Though I say it myself, I rather liked my Advent Calendar of 2008. It’s nicely ironic that I should have begun it with ‘Solving Musical Problems’, because as it turned out, that’s exactly what I continued to do for most of the calendar.  One of the reasons I blog is because there are things that irritate me (both in the quotidian sense, and in the ‘sand that makes the pearl’ sense), and blogging is a way of working out those problems on virtual paper. Teachers acknowledge that you learn by teaching, and by the same token, I find it easier to solve problems when I share them with even an imaginary reading public.

My favourite post was the one about music that is too musical, because I surprised even myself in being able to find an advocate in one so erudite as Raymond Monelle for a position that seemed so illogical – that  music that can be  too “musical”.

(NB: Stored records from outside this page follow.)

(* Let $X=(X_n)_{n\in\mathbb{Z}}$ be a stationary sequence of integer-valued random variables and, for $n\in\mathbb{Z}$, let $\mathbb{Z}^R_X(n)$ be the connected component of $n$ in the record graph of $X$. Then $$\mathbb{P}[\mathbb{Z}^R_X(0)\text{ is finite}]=\mathbb{P}[\mathbb{Z}^R_X(n)\text{ is finite for all } n\ge1]=\mathbb{P}[\mathbb{Z}^R_X(n)\text{ is finite for all }n\le-1].$$
   Context: For a sequence $x=(x_n)_{n\in\mathbb{Z}}$, the record map is $R_x(i)=\inf\{n>i: \sum_{l=i}^{n-1}x_l\ge0\}$ if this set is nonempty, and $R_x(i)=i$ otherwise. The record graph has vertex set $\mathbb{Z}$ and a directed edge $i\to R_x(i)$ whenever $R_x(i)\ne i$; components are in the undirected sense. *)

From HB Require Import structures.
From mathcomp Require Import all_boot all_order all_algebra.
From mathcomp Require Import all_classical all_reals.
From mathcomp Require Import measure probability.
From Stdlib Require Import Relations.
Set Implicit Arguments. Unset Strict Implicit. Unset Printing Implicit Defensive.
Import Order.TTheory GRing.Theory Num.Theory.
Local Open Scope ring_scope.
Local Open Scope classical_set_scope.

Definition psum (x : int -> int) (i : int) (k : nat) : int :=
  \sum_(0 <= l < k) x (i + l%:Z).

(* R_x(i) = inf { n > i : sum_{l=i}^{n-1} x_l >= 0 } if nonempty, else i.
   Writing n = i + k with k >= 1. *)
Definition record_map (x : int -> int) (i : int) : int :=
  match pselect (exists k : nat, `[< (0 < k)%N /\ 0 <= psum x i k >]) with
  | left h => i + (ex_minn h)%:Z
  | right _ => i
  end.

Definition record_edge (x : int -> int) (i j : int) : Prop :=
  record_map x i = j /\ j <> i.

Definition record_component (x : int -> int) (n : int) : set int :=
  [set m | clos_refl_sym_trans int (record_edge x) n m].

(* stationarity of an integer-valued process: all finite-dimensional
   distributions are invariant under the shift by one *)
Definition stationary d (T : measurableType d) (R : realType)
  (P : probability T R) (X : int -> T -> int) : Prop :=
  forall s : seq (int * int),
    P [set w | forall p, p \in s -> X (p.1 + 1) w = p.2]
    = P [set w | forall p, p \in s -> X p.1 w = p.2].

From HB Require Import structures.
From mathcomp Require Import all_boot all_order all_algebra.
From mathcomp Require Import all_classical all_reals.
From mathcomp Require Import ereal topology normedtype sequences measure probability.
From mathcomp Require Import zify.
From Stdlib Require Import Relations.
Set Implicit Arguments. Unset Strict Implicit. Unset Printing Implicit Defensive.
Import Order.TTheory GRing.Theory Num.Theory.
Local Open Scope ring_scope.
Local Open Scope classical_set_scope.

(* For a path x, the weak record times of the walk started at i (the k for which
   the partial sum of length k is maximal among those of length <= k) are
   exactly the iterates of R_x from i.  Two points are connected iff their
   forward orbits meet, and the orbit of any j in (i, R_x(i)] lands on R_x(i).
   Hence the component of n is unbounded above iff the walk from n has weak
   records arbitrarily far out (event U_n), and unbounded below iff walks
   started arbitrarily far to the left of n have weak records beyond n (event
   L_n).  U_n increases and L_n decreases with n, and by stationarity their
   probabilities do not depend on n, so both are a.s. constant in n; hence so
   is the event that the component of n is finite, which is the complement of
   U_n \/ L_n.  Measurability and the use of stationarity come from writing U_n
   and L_n as monotone limits of events depending on finitely many
   coordinates. *)

(** * The record graph of a fixed path *)

Lemma finite_int_bounded (A : set int) :
  finite_set A <-> exists a b, forall m, A m -> a <= m <= b.
Proof.
split=> [/finite_seqP[s ->]|[a [b Aab]]].
- elim: s => [|y s [a [b IH]]]; first by exists 0, 0.
  exists (Num.min a y), (Num.max b y) => m /=; rewrite inE => /orP[/eqP->|ms].
    by rewrite ge_min le_max !lexx !orbT.
  by have /andP[am mb] := IH m ms; rewrite ge_min le_max am mb.
- apply: (@sub_finite_set _ _ ((fun i : nat => a + i%:Z) @` `I_(`|b - a|.+1))).
    move=> m Am; have /andP[am mb] := Aab m Am.
    by exists `|m - a|%N; rewrite /= ?ltnS; lia.
  exact/finite_image/finite_II.
Qed.

Section RecordGraph.
Variable x : int -> int.
Local Notation R := (record_map x).
Local Notation connected := (clos_refl_sym_trans int (record_edge x)).

Lemma psum0 i : psum x i 0 = 0.
Proof. by rewrite /psum big_geq. Qed.

Lemma psumD i j k : psum x i (j + k) = psum x i j + psum x (i + j%:Z) k.
Proof.
rewrite /psum (big_cat_nat (n := j)) ?leq_addr //=; congr (_ + _).
rewrite -{1}(add0n j) big_addn addKn; apply: eq_bigr => l _.
by rewrite PoszD addrA addrAC.
Qed.

Variant record_map_spec i : int -> Prop :=
| RecordNone of (forall k, (0 < k)%N -> psum x i k < 0) : record_map_spec i i
| RecordAt k of (0 < k)%N & 0 <= psum x i k
    & (forall j, (0 < j < k)%N -> psum x i j < 0) : record_map_spec i (i + k%:Z).

Lemma record_mapP i : record_map_spec i (R i).
Proof.
rewrite /record_map; case: pselect => [h|h].
  case: ex_minnP => k /asboolP [k0 pk] kmin; apply: RecordAt => // j /andP[j0 jk].
  by rewrite ltNge; apply/negP => pj; have := kmin j (asboolT (conj j0 pj)); lia.
apply: RecordNone => k k0; rewrite ltNge; apply/negP => pk.
by apply: h; exists k; apply/asboolP.
Qed.

Lemma record_map_ge i : i <= R i.
Proof. by case: record_mapP => // k *; rewrite lerDl. Qed.

Lemma record_map_le i k : (0 < k)%N -> 0 <= psum x i k ->
  exists2 k0, R i = i + k0%:Z & (0 < k0 <= k)%N.
Proof.
move=> k0 pk; case: record_mapP => [neg|k1 k10 _ neg]; first by have := neg k k0; lia.
exists k1 => //; rewrite k10 /= leqNgt; apply/negP => kk1.
by have := neg k; rewrite k0 kk1 => /(_ isT); lia.
Qed.

Definition weak_record i k := forall j, (j <= k)%N -> psum x i j <= psum x i k.

Lemma iter_weak_record q i : exists2 k, iter q R i = i + k%:Z & weak_record i k.
Proof.
elim: q => [|q [k Ek wk]].
  by exists 0%N; [rewrite addr0 | move=> j; rewrite leqn0 => /eqP->].
rewrite iterS Ek; case: record_mapP => [_|k1 k10 pk1 neg]; first by exists k.
exists (k + k1)%N; first by rewrite PoszD addrA.
move=> j jk; rewrite psumD; case: (leqP j k) => [jk'|kj].
  by apply: le_trans (wk j jk') _; rewrite lerDl.
have -> : j = (k + (j - k))%N by lia.
rewrite psumD lerD2l; case: (ltnP (j - k) k1) => jk1.
  by apply/ltW/lt_le_trans/pk1/neg; lia.
by have -> : (j - k = k1)%N by lia.
Qed.

Lemma weak_record_iter k i : weak_record i k -> exists q, iter q R i = i + k%:Z.
Proof.
elim/ltn_ind: k i => k IH i wk.
have [->|k0] := posnP k; first by exists 0%N; rewrite addr0.
have [k1 Ri /andP[k10 k1k]] : exists2 k1, R i = i + k1%:Z & (0 < k1 <= k)%N.
  by apply: record_map_le => //; have := wk 0%N isT; rewrite psum0.
have [e|ne] := eqVneq k1 k; first by exists 1%N; rewrite /= Ri e.
have wk1 : weak_record (i + k1%:Z) (k - k1).
  have Ek : psum x i k = psum x i k1 + psum x (i + k1%:Z) (k - k1).
    by rewrite -psumD subnKC.
  by move=> j jk; have := wk (k1 + j)%N; rewrite psumD Ek lerD2l; apply; lia.
have [|q Hq] := IH (k - k1)%N _ _ wk1; first by lia.
by exists q.+1; rewrite iterSr Ri Hq -addrA -PoszD subnKC.
Qed.

Lemma iter_connected q i : connected i (iter q R i).
Proof.
elim: q => [|q IH]; first exact: rst_refl.
rewrite iterS; apply: rst_trans IH _.
have [->|ne] := eqVneq (R (iter q R i)) (iter q R i); first exact: rst_refl.
by apply: rst_step; split => //; apply/eqP.
Qed.

Lemma iter_record_map_ge q i : i <= iter q R i.
Proof. by elim: q => //= q IH; apply: le_trans IH (record_map_ge _). Qed.

Lemma record_map_nested i j : i < j < R i -> j < R j <= R i.
Proof.
case: record_mapP => [_|k _ pk neg] /andP[ij jR]; first by lia.
have [t Ej] : exists t : nat, j = i + t%:Z by exists `|j - i|%N; lia.
have t0k : (0 < t < k)%N by lia.
have pj : 0 <= psum x j (k - t).
  rewrite Ej; have := neg t t0k; have := psumD i t (k - t).
  by rewrite subnKC; lia.
have [|k1 -> k1k] := record_map_le _ pj; lia.
Qed.

Lemma iter_record_map_nested i j : i < j <= R i -> exists q, iter q R j = R i.
Proof.
move En : `|R i - j|%N => n; elim/ltn_ind: n j En => n IH j En /andP[ij jR].
have [->|ne] := eqVneq j (R i); first by exists 0%N.
have /andP[jRj RjR] : j < R j <= R i by apply: record_map_nested; lia.
have [||q Hq] := IH `|R i - R j|%N _ (R j) erefl; [lia | lia |].
by exists q.+1; rewrite iterSr.
Qed.

Lemma connected_between p a b : a <= b <= iter p R a -> connected a b.
Proof.
elim: p a b => [|p IH] a b /andP[ab bp].
  have -> : b = a by apply/le_anti; rewrite bp ab.
  exact: rst_refl.
rewrite iterSr in bp; have aRa : connected a (R a) := iter_connected 1 a.
have [Rb|bR] := leP (R a) b; first by apply: rst_trans aRa (IH _ _ _); rewrite Rb.
have [<-|ne] := eqVneq a b; first exact: rst_refl.
have [|q Hq] := @iter_record_map_nested a b.
  by rewrite (ltW bR) andbT lt_neqAle ne ab.
by apply: rst_trans aRa _; apply: rst_sym; rewrite -Hq; apply: iter_connected.
Qed.

Lemma connected_meet a b : connected a b -> exists p q, iter p R a = iter q R b.
Proof.
elim=> {a b} [a b [<- _]|a|a b _ [p [q E]]|a b c _ [p [q E1]] _ [r [s E2]]].
- by exists 1%N, 0%N.
- by exists 0%N, 0%N.
- by exists q, p.
- exists (r + p)%N, (q + s)%N.
  by rewrite iterD E1 -iterD addnC iterD E2 -iterD.
Qed.

Definition unbounded_right n :=
  forall K : nat, exists2 k, (K <= k)%N & weak_record n k.

Definition unbounded_left n := forall M : nat,
  exists M' k : nat, [/\ (M <= M')%N, (M' <= k)%N & weak_record (n - M'%:Z) k].

Lemma unbounded_rightP n :
  (forall K, exists2 m, K <= m & record_component x n m) <-> unbounded_right n.
Proof.
split=> [nK K|nK K].
- have [m Km /connected_meet[p [q E]]] := nK (n + K%:Z).
  have [k Ek wk] := iter_weak_record p n; exists k => //.
  by have := iter_record_map_ge q m; rewrite -E Ek; lia.
- have [k Kk /weak_record_iter[q Eq]] := nK `|K - n|%N.
  by exists (n + k%:Z); [lia | rewrite -Eq; apply: iter_connected].
Qed.

Lemma unbounded_leftP n :
  (forall K, exists2 m, m <= K & record_component x n m) <-> unbounded_left n.
Proof.
split=> [nK M|nK K].
- have [m mM /connected_meet[p [q E]]] := nK (n - M%:Z).
  have [k Ek wk] := iter_weak_record q m.
  have := iter_record_map_ge p n; rewrite E Ek => nmk.
  exists `|n - m|%N, k; split; [lia | lia |].
  by have -> : n - `|n - m|%N%:Z = m by lia.
- have [M' [k [KM' M'k /weak_record_iter[q Eq]]]] := nK `|n - K|%N.
  exists (n - M'%:Z); first by lia.
  by apply/rst_sym/(@connected_between q); rewrite Eq; lia.
Qed.

Lemma finite_componentP n :
  finite_set (record_component x n) <-> ~ unbounded_right n /\ ~ unbounded_left n.
Proof.
rewrite finite_int_bounded; split=> [[a [b Cab]]|[nR nL]].
- split=> [/unbounded_rightP nR | /unbounded_leftP nL].
    by have [m bm /Cab] := nR (b + 1); lia.
  by have [m ma /Cab] := nL (a - 1); lia.
- have [b Hb] : exists b, ~ exists2 m, b <= m & record_component x n m.
    by apply/existsNP => H; apply/nR/unbounded_rightP.
  have [a Ha] : exists a, ~ exists2 m, m <= a & record_component x n m.
    by apply/existsNP => H; apply/nL/unbounded_leftP.
  exists a, b => m Cm; apply/andP; split; rewrite leNgt; apply/negP => h.
    by apply: Ha; exists m => //; lia.
  by apply: Hb; exists m => //; lia.
Qed.

End RecordGraph.

Definition shift (x : int -> int) : int -> int := fun l => x (l + 1).

Lemma psum_shift x i k : psum (shift x) i k = psum x (i + 1) k.
Proof. by apply: eq_bigr => l _; rewrite /shift addrAC. Qed.

Lemma weak_record_shift x i k :
  weak_record (shift x) i k <-> weak_record x (i + 1) k.
Proof. by split=> wk j jk; have := wk j jk; rewrite !psum_shift. Qed.

Lemma unbounded_right_shift x n :
  unbounded_right (shift x) n <-> unbounded_right x (n + 1).
Proof.
split=> nR K; have [k Kk wk] := nR K; exists k => //.
  exact: (iffLR (weak_record_shift _ _ _)).
exact: (iffRL (weak_record_shift _ _ _)).
Qed.

Lemma unbounded_left_shift x n :
  unbounded_left (shift x) n <-> unbounded_left x (n + 1).
Proof.
split=> nL M; have [M' [k [MM' M'k wk]]] := nL M; exists M', k; split => //.
  by move: wk => /weak_record_shift; rewrite addrAC.
by apply: (iffRL (weak_record_shift _ _ _)); rewrite addrAC.
Qed.

Lemma unbounded_right_succ x n : unbounded_right x n -> unbounded_right x (n + 1).
Proof.
move=> nR K; have [[|k] Kk wk] := nR K.+1; first by [].
exists k => // j jk; have := wk j.+1 jk.
by rewrite -[j.+1]add1n -[k.+1]add1n !psumD lerD2l.
Qed.

Lemma unbounded_left_pred x n : unbounded_left x (n + 1) -> unbounded_left x n.
Proof.
move=> nL M; have [M' [k [MM' M'k wk]]] := nL M.+1; exists M'.-1, k.
by split; [lia | lia | have -> : n - M'.-1%:Z = n + 1 - M'%:Z by lia].
Qed.

Lemma weak_record_window x y i L k :
  (forall l, (l < L)%N -> x (i + l%:Z) = y (i + l%:Z)) -> (k <= L)%N ->
  weak_record x i k -> weak_record y i k.
Proof.
move=> xy kL wk j jk.
have psum_xy m : (m <= L)%N -> psum x i m = psum y i m.
  by move=> mL; apply: eq_big_nat => l /andP[_ lm]; rewrite xy //; lia.
by rewrite -!psum_xy //; [apply: wk | lia].
Qed.

(** * Path events with the same law *)

Definition sample_path (T : Type) (Z : int -> T -> int) (w : T) : int -> int :=
  fun l => Z l w.

Definition cylinder (T : Type) (Z : int -> T -> int) (s : seq (int * int)) : set T :=
  [set w | forall p, p \in s -> Z p.1 w = p.2].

But I now find that the concept of ‘musical music’ in a perjorative sense is not as recondite as I thought. It turns out that Mendelssohn used the term (I wish I knew where). That’s nice, because elsewhere, I’ve said that it was Chris Hampson who made me appreciate Mendelssohn, and it seems they might well have had stuff to talk about.

I came across this in Susanne Langer’s Feeling and Form. It’s a shame that Langer is dismissed as a bit of a well-meaning also-ran as a philosopher these days, because there are bits of her work which are brilliant.

“If the procedures of the several arts were really analagous, a composer could only translate that form into its musical equivalent.[…] But a shad0w-like following of verse forms and literary concepts does not produce a musical organism. […]Let Mendelssohn speak once more: “I can conceive music [for a poem] only if I can conceive a mood that produces it; mere artfully arranged sounds that aptly follow the accent of the words, forte on strong words and piano on mild ones, but without really expressing anything, I have never been able to understand.  Yet for this poem I can’t imagine any other kind of music than this – not intensive, integral, poetic, but accompanying, parallel, musical music; but I don’t like that sort.”

Langer, Feeling and Form (1953, p. 159)

“What Mendelssohn called ‘musical music’ is something independent of the poem, externally similar in structure, but manufactured out of entirely independent material to “match” the verses, which remain essentially unchanged by it.”  (ibid, p. 160). This isn’t the same thing as Monelle’s meaningless symphonism, but it’s another rather surprising view that music can be ‘over-musical’.  And it makes perfect sense. Well, it will do, after another glass of wine.